DRUGS: Six runners trained by famed women's track coach Ma Junren failed drug tests and were among 40 athletes and coaches dropped from China's team. Ma was among the 13 officials dropped. Drugs were not involved in all the removals, the Chinese said. Six of the seven runners, including former 5,000-meter world record holder Dong Yanmei, failed blood tests for the banned performance-enhancing drug EPO. ... A second athlete in as many days was kicked off the Canadian team after a positive drug test. Casey Wade, a director for the Canadian Centre for Ethics in Sport, which performed the test, said equestrian rider Eric Lamaze tested positive for cocaine. Wade had no further comment. Lamaze could not be reached for comment. He also tested positive in 1996 and was suspended from competition for four years. The suspension was commuted to seven months after he appealed on the grounds he took cocaine four times in three months before the 1996 Olympic trials for personal use, not to gain a competitive edge. ... Sydney airport customs officials seized banned performance-enhancing drugs from a member of Uzbekistan's delegation today, International Olympic Committee official Jacques Rogge said. In a statement, the Australian Customs Service said it seized "what appears to be a small quantity of human growth hormone" in the baggage of an Olympic team official.

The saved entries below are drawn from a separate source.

Lemma dev_mul_ge_indep X Y y v : measurableK nabs X -> measurableK nabs Y ->
  indepK nabs P X Y -> ess_bounded nabs P X -> ess_bounded nabs P Y -> E Y y ->
  dev X 0 * dev Y y <= dev (fun w => X w * Y w) v.
Proof.
move=> mX mY XY Xb Yb Yy; set s := dev _ v.
have s_ge0 : 0 <= s by exact: dev_ge0.
have t_le t : t < dev X 0 -> t * dev Y y <= s.
  move=> t_lt; apply/ler_addgt0Pr => e e0; set z := s + e.
  have z_gt0 : 0 < z by rewrite ltr_wpDl.
  have B1 : 0 < dev Y 0 + 1 by rewrite ltr_wpDl ?(dev_ge0 hK).
  set rho := z / (dev Y 0 + 1); have rho0 : 0 < rho by rewrite divr_gt0.
  have [x [/negP tx PXx]] := pr_cball_gt0 hK mX Xb (borelKC (borelK_cball hK 0 t))
    (pr_dev_gt0 hK mX Xb t_lt) rho0.
  apply: (@le_trans _ _ (nabs x * dev Y y)).
    by rewrite ler_wpM2r ?(dev_ge0 hK) // ltW // -(subr0 x) ltNge.
  apply: le_trans (indep_mul_dev_le v mX mY XY Xb Yb Yy PXx) _.
  rewrite ge_max lerDl ltW //= /rho mulrAC ler_pdivrMr // ler_pM2l //; lra.
have [Dy_le0|Dy_gt0] := leP (dev Y y) 0.
  by rewrite (le_trans (ler_wpM2l (dev_ge0 hK P X 0) Dy_le0)) // mulr0.
rewrite -ler_pdivlMr //; apply/ler_addgt0Pr => e e0.
by rewrite -lerBlDr ler_pdivlMr //; apply: t_le; rewrite ltrBlDr ltrDl.
Qed.

Lemma ExpK_mul_indep X Y : measurableK nabs X -> measurableK nabs Y ->
  indepK nabs P X Y -> ess_bounded nabs P X -> ess_bounded nabs P Y ->
  E (fun w => X w * Y w) = [set a * c | a in E X & c in E Y].
Proof.
move=> mX mY XY Xb Yb; have [x Xx] := exists_ExpK hK Xb; have [y Yy] := exists_ExpK hK Yb.
have dev0E Z z : ess_bounded nabs P Z -> E Z z -> dev Z 0 = Num.max (nabs z) (dev Z z).
  by move=> Zb Zz; rewrite (dev_ExpK hK _ Zb Zz) sub0r (nabsN hK).
have attained Z z : ess_bounded nabs P Z -> E Z z ->
    exists a, nabs a = Num.max (nabs z) (dev Z z).
  by move=> Zb Zz; rewrite -dev0E //; exact: dev0_attained.
rewrite (ExpK_cball hK Xb Xx) (ExpK_cball hK Yb Yy).
rewrite (cball_mulE hK (dev_ge0 hK P X x) (dev_ge0 hK P Y y) (attained _ _ Xb Xx)
  (attained _ _ Yb Yy)) -!dev0E //.
apply: (ExpK_eq_cball hK (ess_boundedM hK Xb Yb)).
  by rewrite (dev0E _ x) //; exact: dev_mul_le.
move=> v; rewrite ge_max (dev_mul_ge_indep v mX mY XY Xb Yb Yy) /=.
rewrite (_ : (fun w => X w * Y w) = fun w => Y w * X w); last by apply/funext => w; rewrite mulrC.
exact: (dev_mul_ge_indep v mY mX (indepK_sym XY) Yb Xb Xx).
Qed.

End ExpectationRules.

Theorem mainTheorem2 (R : realType) (K : fieldType) (nabs : K -> R)
  (hK : nonarch_local_field_abs nabs)
  (d : measure_display) (Omega : measurableType d) (P : probability Omega R)
  (X Y : Omega -> K) (hX : inLinf nabs P X) (hY : inLinf nabs P Y) (k b : K) :
  ExpK nabs P (fun w => k * X w + b) = [set k * a + b | a in ExpK nabs P X]
  /\ (ExpK nabs P (fun w => X w + Y w)
        `<=` [set a + c | a in ExpK nabs P X & c in ExpK nabs P Y]
      /\ (indepK nabs P X Y ->
          ExpK nabs P (fun w => X w + Y w)
            = [set a + c | a in ExpK nabs P X & c in ExpK nabs P Y]))
  /\ (indepK nabs P X Y ->
      ExpK nabs P (fun w => X w * Y w)
        = [set a * c | a in ExpK nabs P X & c in ExpK nabs P Y]).
Proof.
have [[mX /(ess_bounded_normInf hK) Xb] [mY /(ess_bounded_normInf hK) Yb]] := (hX, hY).
split; first exact: ExpK_affine.
split; first split.
- exact: ExpK_add_sub.
- by move=> XY; apply: ExpK_add_indep.
- by move=> XY; apply: ExpK_mul_indep.
Qed.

GRECO-ROMAN WRESTLING: Rejecting an emergency request by the U.S. Olympic Committee, Supreme Court Justice John Paul Stevens refused to keep Matt Lindland off the American team. Stevens, acting without comment, left intact court rulings that forced the USOC to reinstate Lindland. Committee members sought to keep Keith Sieracki, the trials winner at 1671/2 pounds, on the team instead.

TRACK AND FIELD: World shot put champion C.J. Hunter had arthroscopic surgery on his left knee, threatening his participation in the Olympics. Hunter had surgery on a torn lateral meniscus Sunday and he said his status "is day to day." He is scheduled to compete Sept. 22. ... The U.S. women's 400-meter relay team for the Olympic final will consist of Chryste Gaines, Gail Devers, Inger Miller and Marion Jones.

- Staff writer Darrell Fry contributed to this report.